What needs to be done: For the records below, give the number of lines where the string "intros" occurs. Include nothing else.

Material supplied:
============================================================
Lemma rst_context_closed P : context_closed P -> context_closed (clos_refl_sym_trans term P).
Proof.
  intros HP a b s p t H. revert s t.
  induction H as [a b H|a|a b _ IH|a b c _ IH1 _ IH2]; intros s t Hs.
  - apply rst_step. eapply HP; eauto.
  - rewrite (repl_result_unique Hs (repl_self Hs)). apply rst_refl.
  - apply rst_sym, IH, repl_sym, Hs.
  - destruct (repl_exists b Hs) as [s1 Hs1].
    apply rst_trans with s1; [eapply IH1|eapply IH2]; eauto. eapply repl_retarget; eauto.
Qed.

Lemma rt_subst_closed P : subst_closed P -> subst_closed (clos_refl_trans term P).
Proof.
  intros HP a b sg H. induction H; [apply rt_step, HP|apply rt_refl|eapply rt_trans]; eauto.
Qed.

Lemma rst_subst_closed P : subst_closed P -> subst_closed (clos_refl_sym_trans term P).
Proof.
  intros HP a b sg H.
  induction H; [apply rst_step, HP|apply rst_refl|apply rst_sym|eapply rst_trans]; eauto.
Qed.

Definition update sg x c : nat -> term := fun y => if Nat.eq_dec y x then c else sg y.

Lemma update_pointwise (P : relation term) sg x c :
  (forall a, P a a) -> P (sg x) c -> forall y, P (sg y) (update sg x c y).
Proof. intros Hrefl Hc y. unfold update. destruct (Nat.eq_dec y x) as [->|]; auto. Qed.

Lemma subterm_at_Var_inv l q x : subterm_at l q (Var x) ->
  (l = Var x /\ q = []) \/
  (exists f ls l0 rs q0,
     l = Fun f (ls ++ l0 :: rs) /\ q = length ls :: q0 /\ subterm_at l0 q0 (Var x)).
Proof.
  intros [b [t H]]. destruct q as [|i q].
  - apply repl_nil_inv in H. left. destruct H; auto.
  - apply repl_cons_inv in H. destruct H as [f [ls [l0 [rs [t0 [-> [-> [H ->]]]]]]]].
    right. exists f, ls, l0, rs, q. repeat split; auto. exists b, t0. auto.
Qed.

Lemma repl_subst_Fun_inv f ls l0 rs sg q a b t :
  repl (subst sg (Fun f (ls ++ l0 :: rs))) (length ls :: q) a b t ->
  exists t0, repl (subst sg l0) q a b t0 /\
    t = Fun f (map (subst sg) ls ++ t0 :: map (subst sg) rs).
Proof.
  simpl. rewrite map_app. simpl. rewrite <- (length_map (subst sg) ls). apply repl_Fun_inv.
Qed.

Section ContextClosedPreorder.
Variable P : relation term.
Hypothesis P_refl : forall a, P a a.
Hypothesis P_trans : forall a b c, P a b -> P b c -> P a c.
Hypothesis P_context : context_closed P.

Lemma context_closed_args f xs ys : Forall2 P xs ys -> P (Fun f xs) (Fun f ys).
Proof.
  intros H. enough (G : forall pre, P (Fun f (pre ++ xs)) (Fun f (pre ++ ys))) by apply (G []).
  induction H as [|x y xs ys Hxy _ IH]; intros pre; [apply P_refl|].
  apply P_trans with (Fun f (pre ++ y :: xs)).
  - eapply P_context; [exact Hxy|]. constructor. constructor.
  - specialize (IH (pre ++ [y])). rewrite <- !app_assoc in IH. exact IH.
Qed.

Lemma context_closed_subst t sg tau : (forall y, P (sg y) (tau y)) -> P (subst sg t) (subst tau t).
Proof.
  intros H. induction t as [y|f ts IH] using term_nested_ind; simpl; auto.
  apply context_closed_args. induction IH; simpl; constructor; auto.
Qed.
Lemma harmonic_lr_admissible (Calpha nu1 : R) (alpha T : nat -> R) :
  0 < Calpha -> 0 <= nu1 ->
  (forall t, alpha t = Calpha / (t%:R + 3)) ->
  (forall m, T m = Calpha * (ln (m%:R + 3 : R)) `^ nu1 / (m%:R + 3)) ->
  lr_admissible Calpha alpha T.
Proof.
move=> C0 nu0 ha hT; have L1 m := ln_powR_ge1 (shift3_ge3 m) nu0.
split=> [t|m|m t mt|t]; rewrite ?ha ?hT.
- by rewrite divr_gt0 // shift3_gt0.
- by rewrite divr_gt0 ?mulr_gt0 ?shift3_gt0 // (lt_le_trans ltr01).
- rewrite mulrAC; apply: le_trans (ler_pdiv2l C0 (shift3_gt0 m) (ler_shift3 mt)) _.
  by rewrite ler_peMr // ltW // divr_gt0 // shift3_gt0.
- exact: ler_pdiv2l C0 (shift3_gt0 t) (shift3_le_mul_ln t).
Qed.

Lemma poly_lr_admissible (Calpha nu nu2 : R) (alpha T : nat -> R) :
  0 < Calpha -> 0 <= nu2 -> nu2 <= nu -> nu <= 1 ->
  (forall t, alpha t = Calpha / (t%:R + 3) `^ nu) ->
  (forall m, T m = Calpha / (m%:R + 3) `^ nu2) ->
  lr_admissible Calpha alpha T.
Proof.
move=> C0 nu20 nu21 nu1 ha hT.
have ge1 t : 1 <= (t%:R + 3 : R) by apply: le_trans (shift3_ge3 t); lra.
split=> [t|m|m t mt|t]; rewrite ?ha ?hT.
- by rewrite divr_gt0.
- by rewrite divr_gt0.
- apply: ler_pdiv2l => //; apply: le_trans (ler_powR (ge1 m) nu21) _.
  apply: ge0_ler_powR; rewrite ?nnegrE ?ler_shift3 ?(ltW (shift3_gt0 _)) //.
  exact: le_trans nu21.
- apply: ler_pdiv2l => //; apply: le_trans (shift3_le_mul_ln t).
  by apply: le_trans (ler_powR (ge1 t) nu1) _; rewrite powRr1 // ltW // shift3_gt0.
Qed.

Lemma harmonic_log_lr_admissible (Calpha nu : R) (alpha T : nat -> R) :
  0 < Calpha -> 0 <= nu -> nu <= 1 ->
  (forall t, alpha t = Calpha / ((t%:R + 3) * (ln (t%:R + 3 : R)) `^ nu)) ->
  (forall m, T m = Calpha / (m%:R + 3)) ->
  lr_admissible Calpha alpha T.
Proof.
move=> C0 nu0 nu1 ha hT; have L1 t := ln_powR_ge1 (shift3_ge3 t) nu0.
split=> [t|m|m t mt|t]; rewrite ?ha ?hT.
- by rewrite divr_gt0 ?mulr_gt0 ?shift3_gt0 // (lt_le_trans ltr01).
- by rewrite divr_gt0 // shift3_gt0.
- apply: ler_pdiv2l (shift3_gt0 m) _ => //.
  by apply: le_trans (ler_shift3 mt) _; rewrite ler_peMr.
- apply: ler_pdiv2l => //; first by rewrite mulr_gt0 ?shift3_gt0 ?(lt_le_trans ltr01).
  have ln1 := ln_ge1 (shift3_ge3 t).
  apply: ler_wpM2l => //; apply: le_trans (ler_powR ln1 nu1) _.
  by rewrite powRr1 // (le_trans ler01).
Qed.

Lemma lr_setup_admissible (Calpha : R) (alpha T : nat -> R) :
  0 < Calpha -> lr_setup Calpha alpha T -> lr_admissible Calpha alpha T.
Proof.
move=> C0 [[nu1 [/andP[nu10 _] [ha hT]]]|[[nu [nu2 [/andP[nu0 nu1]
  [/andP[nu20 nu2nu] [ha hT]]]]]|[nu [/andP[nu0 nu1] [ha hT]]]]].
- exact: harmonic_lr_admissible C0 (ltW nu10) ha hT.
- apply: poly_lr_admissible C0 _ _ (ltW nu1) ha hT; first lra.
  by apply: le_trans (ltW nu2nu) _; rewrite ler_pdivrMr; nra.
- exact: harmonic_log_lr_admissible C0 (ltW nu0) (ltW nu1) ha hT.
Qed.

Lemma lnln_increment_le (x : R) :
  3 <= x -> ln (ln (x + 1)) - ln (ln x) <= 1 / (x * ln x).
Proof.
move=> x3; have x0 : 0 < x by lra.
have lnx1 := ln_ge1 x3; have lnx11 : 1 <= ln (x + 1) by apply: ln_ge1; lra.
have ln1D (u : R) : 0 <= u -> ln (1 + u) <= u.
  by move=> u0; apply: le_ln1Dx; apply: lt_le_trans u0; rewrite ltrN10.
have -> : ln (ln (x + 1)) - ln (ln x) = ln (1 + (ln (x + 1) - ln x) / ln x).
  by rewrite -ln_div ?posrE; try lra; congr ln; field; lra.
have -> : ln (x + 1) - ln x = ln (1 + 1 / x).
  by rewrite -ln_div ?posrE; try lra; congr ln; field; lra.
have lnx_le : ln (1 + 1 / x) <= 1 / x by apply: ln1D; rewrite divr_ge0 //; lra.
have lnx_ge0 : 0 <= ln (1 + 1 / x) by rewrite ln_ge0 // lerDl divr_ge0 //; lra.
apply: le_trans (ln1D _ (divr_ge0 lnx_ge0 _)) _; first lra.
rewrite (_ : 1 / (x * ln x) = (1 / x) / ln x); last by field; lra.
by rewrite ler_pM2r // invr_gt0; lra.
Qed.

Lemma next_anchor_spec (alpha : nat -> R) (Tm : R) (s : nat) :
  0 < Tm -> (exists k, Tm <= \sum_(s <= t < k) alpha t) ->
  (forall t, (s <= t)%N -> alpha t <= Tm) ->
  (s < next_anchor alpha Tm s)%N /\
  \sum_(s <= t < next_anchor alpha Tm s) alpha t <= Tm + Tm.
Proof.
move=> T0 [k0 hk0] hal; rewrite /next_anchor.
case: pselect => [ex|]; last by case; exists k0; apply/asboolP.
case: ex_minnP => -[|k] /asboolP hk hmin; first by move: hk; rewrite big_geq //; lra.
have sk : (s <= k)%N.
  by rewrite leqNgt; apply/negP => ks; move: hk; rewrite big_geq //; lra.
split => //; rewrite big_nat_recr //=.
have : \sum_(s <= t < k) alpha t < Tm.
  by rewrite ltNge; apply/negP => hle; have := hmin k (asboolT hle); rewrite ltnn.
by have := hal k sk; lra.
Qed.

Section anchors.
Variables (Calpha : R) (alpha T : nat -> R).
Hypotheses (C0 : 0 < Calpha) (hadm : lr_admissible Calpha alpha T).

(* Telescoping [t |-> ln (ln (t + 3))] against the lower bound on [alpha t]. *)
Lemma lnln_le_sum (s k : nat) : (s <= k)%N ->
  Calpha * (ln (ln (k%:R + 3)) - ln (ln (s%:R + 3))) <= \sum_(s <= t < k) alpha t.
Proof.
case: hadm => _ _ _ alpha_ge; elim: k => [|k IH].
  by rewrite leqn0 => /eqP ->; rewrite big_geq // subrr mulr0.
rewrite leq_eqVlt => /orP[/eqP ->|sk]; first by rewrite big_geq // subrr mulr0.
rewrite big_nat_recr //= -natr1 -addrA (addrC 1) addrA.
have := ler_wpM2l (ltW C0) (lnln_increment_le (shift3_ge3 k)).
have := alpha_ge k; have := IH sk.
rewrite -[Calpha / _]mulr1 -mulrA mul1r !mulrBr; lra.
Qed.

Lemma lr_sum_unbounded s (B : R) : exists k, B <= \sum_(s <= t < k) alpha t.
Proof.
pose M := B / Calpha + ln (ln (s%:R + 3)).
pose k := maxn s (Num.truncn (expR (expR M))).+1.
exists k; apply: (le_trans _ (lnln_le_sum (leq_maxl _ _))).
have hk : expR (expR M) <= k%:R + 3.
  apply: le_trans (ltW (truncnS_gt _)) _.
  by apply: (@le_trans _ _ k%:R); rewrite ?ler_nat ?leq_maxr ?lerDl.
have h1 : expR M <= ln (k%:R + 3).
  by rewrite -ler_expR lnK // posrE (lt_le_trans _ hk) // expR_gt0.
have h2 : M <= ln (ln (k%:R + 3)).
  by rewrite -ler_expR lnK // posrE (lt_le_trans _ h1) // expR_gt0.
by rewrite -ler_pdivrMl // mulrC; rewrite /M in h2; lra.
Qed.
============================================================
Exercise result: 9